(* For all integers $n\geq0$, $$s_1(n)+\sum_{j\geq1}(-1)^j\left(s_1(n-j(3j-2))+s_1(n-j(3j+2))\right)=s_2(n)+\sum_{j\geq1}(-1)^j\left(s_2(n-j(3j-1))+s_2(n-j(3j+1))\right)$$ and this common value equals $1$ if $n=6\,\frac{j(3j-1)}{2}$ for some even $j\in\mathbb{Z}$, equals $-1$ if $n=6\,\frac{j(3j-1)}{2}$ for some odd $j\in\mathbb{Z}$, and equals $0$ otherwise. (Explicitly, the sums are $s_1(n)-s_1(n-1)-s_1(n-5)+s_1(n-8)+s_1(n-16)-\cdots$ and $s_2(n)-s_2(n-2)-s_2(n-4)+s_2(n-10)+s_2(n-14)-\cdots$.)
   Context: $s_1(n)$ (resp. $s_2(n)$) is the number of partitions of $n$ all of whose parts are congruent to $\pm1$ (resp. $\pm2$) modulo $6$, with value $1$ at $n=0$ and $0$ at negative arguments. The numbers $j(3j-1)/2$, $j\in\mathbb{Z}$, are the generalized pentagonal numbers, distinct for distinct $j$. *)

From mathcomp Require Import all_boot all_order all_algebra.
Set Implicit Arguments. Unset Strict Implicit. Unset Printing Implicit Defensive.
Import Order.TTheory GRing.Theory Num.Theory.

(* A partition of n is encoded by its multiplicity function m : part k has
   multiplicity m k (k ranges over 0..n, and part 0 is forbidden).  Multiplicities
   are bounded by n, which loses nothing since k * m k <= n for k >= 1. *)
Definition is_partition_with (P : nat -> bool) (n : nat)
  (m : {ffun 'I_n.+1 -> 'I_n.+1}) : bool :=
  [&& (nat_of_ord (m ord0) == 0)%N,
      (\sum_(k < n.+1) k * m k == n)%N &
      [forall k : 'I_n.+1, (0 < m k)%N ==> P k]].

Definition npart (P : nat -> bool) (n : nat) : nat :=
  #|[set m : {ffun 'I_n.+1 -> 'I_n.+1} | @is_partition_with P n m]|.

Definition P1 (k : nat) : bool := (k %% 6 == 1)%N || (k %% 6 == 5)%N.
Definition P2 (k : nat) : bool := (k %% 6 == 2)%N || (k %% 6 == 4)%N.

(* extended to integer arguments: 0 at negative arguments; s(0) = 1 *)
Definition s1 (z : int) : int :=
  match z with Posz n => (npart P1 n)%:Z | Negz _ => 0 end.
Definition s2 (z : int) : int :=
  match z with Posz n => (npart P2 n)%:Z | Negz _ => 0 end.

(* Work in Z[X] modulo powers of X, with Q = X^6.  For P = {k = +-a mod 6}
   (a + b = 6, so {a, b} = {1, 5} or {2, 4}) the alternating sum is the n-th
   coefficient of theta_ab * prod_(k in P) 1/(1 - X^k), where
   theta_ab = sum_(j in Z) (-1)^j X^(6 C(j,2) + a j).  Since
   (X^a;Q)_oo (X^b;Q)_oo = prod_(k in P) (1 - X^k), the Jacobi triple product
   theta_ab = (Q;Q)_oo (X^a;Q)_oo (X^b;Q)_oo makes this the n-th coefficient of
   (X^6;X^6)_oo, whatever {a, b} is; the triple product again, with Q = X^18
   (Euler's pentagonal theorem), expands (X^6;X^6)_oo as
   sum_(j in Z) (-1)^j X^(3j(3j-1)).
   The triple product itself is the limit of its finite form
   prod_(i<m) (1 + u Q^i) prod_(i<n) (1 + v Q^i) = sum_k [m+n, k]_Q Q^C(j,2) u^j
   (j = k - n, u v = Q), in which (Q;Q)_M [2M, k]_Q tends to 1. *)

From mathcomp Require Import all_boot all_order all_algebra.
From mathcomp Require Import zify ring.
Set Implicit Arguments. Unset Strict Implicit. Unset Printing Implicit Defensive.
Import Order.TTheory GRing.Theory Num.Theory.
Local Open Scope ring_scope.

Section TruncatedEquality.
Variable R : nzRingType.
Implicit Types (p q E : {poly R}) (N : nat).

Definition eqmodX N p q := take_poly N p = take_poly N q.

Lemma eqmodX_coef N p q :
  eqmodX N p q <-> forall i, (i < N)%N -> p`_i = q`_i.
Proof.
split=> [pq i lt_iN | pq]; last first.
  by apply/polyP => i; rewrite !coef_take_poly; case: ifP => // /pq.
by have := congr1 (coefp i) pq; rewrite /= !coef_take_poly lt_iN.
Qed.

Lemma eqmodX_le N N' p q : (N' <= N)%N -> eqmodX N p q -> eqmodX N' p q.
Proof.
move=> le_N'N /eqmodX_coef pq; apply/eqmodX_coef => i lt_iN'.
by apply: pq; apply: leq_trans le_N'N.
Qed.

Lemma eqmodXD N p q p' q' :
  eqmodX N p q -> eqmodX N p' q' -> eqmodX N (p + p') (q + q').
Proof. by rewrite /eqmodX !take_polyD => -> ->. Qed.

Lemma eqmodXM N p q p' q' :
  eqmodX N p q -> eqmodX N p' q' -> eqmodX N (p * p') (q * q').
Proof.
move=> /eqmodX_coef pq /eqmodX_coef pq'; apply/eqmodX_coef => i lt_iN.
rewrite !coefM; apply: eq_bigr => j _.
have lt_jN : (j < N)%N by apply: leq_ltn_trans lt_iN; rewrite -ltnS.
by rewrite pq // pq' //; apply: leq_ltn_trans lt_iN; apply: leq_subr.
Qed.

Lemma eqmodX_mulXnl N e p q :
  eqmodX N p q -> eqmodX (N + e) ('X^e * p) ('X^e * q).
Proof.
move=> /eqmodX_coef pq; apply/eqmodX_coef => i lt_iNe.
rewrite !coefXnM; case: ltnP => // le_ei.
by apply: pq; rewrite ltn_subLR // addnC.
Qed.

— Work item —
Say, as a number only, how many lines of the data contain "case".

— Output for this task —
2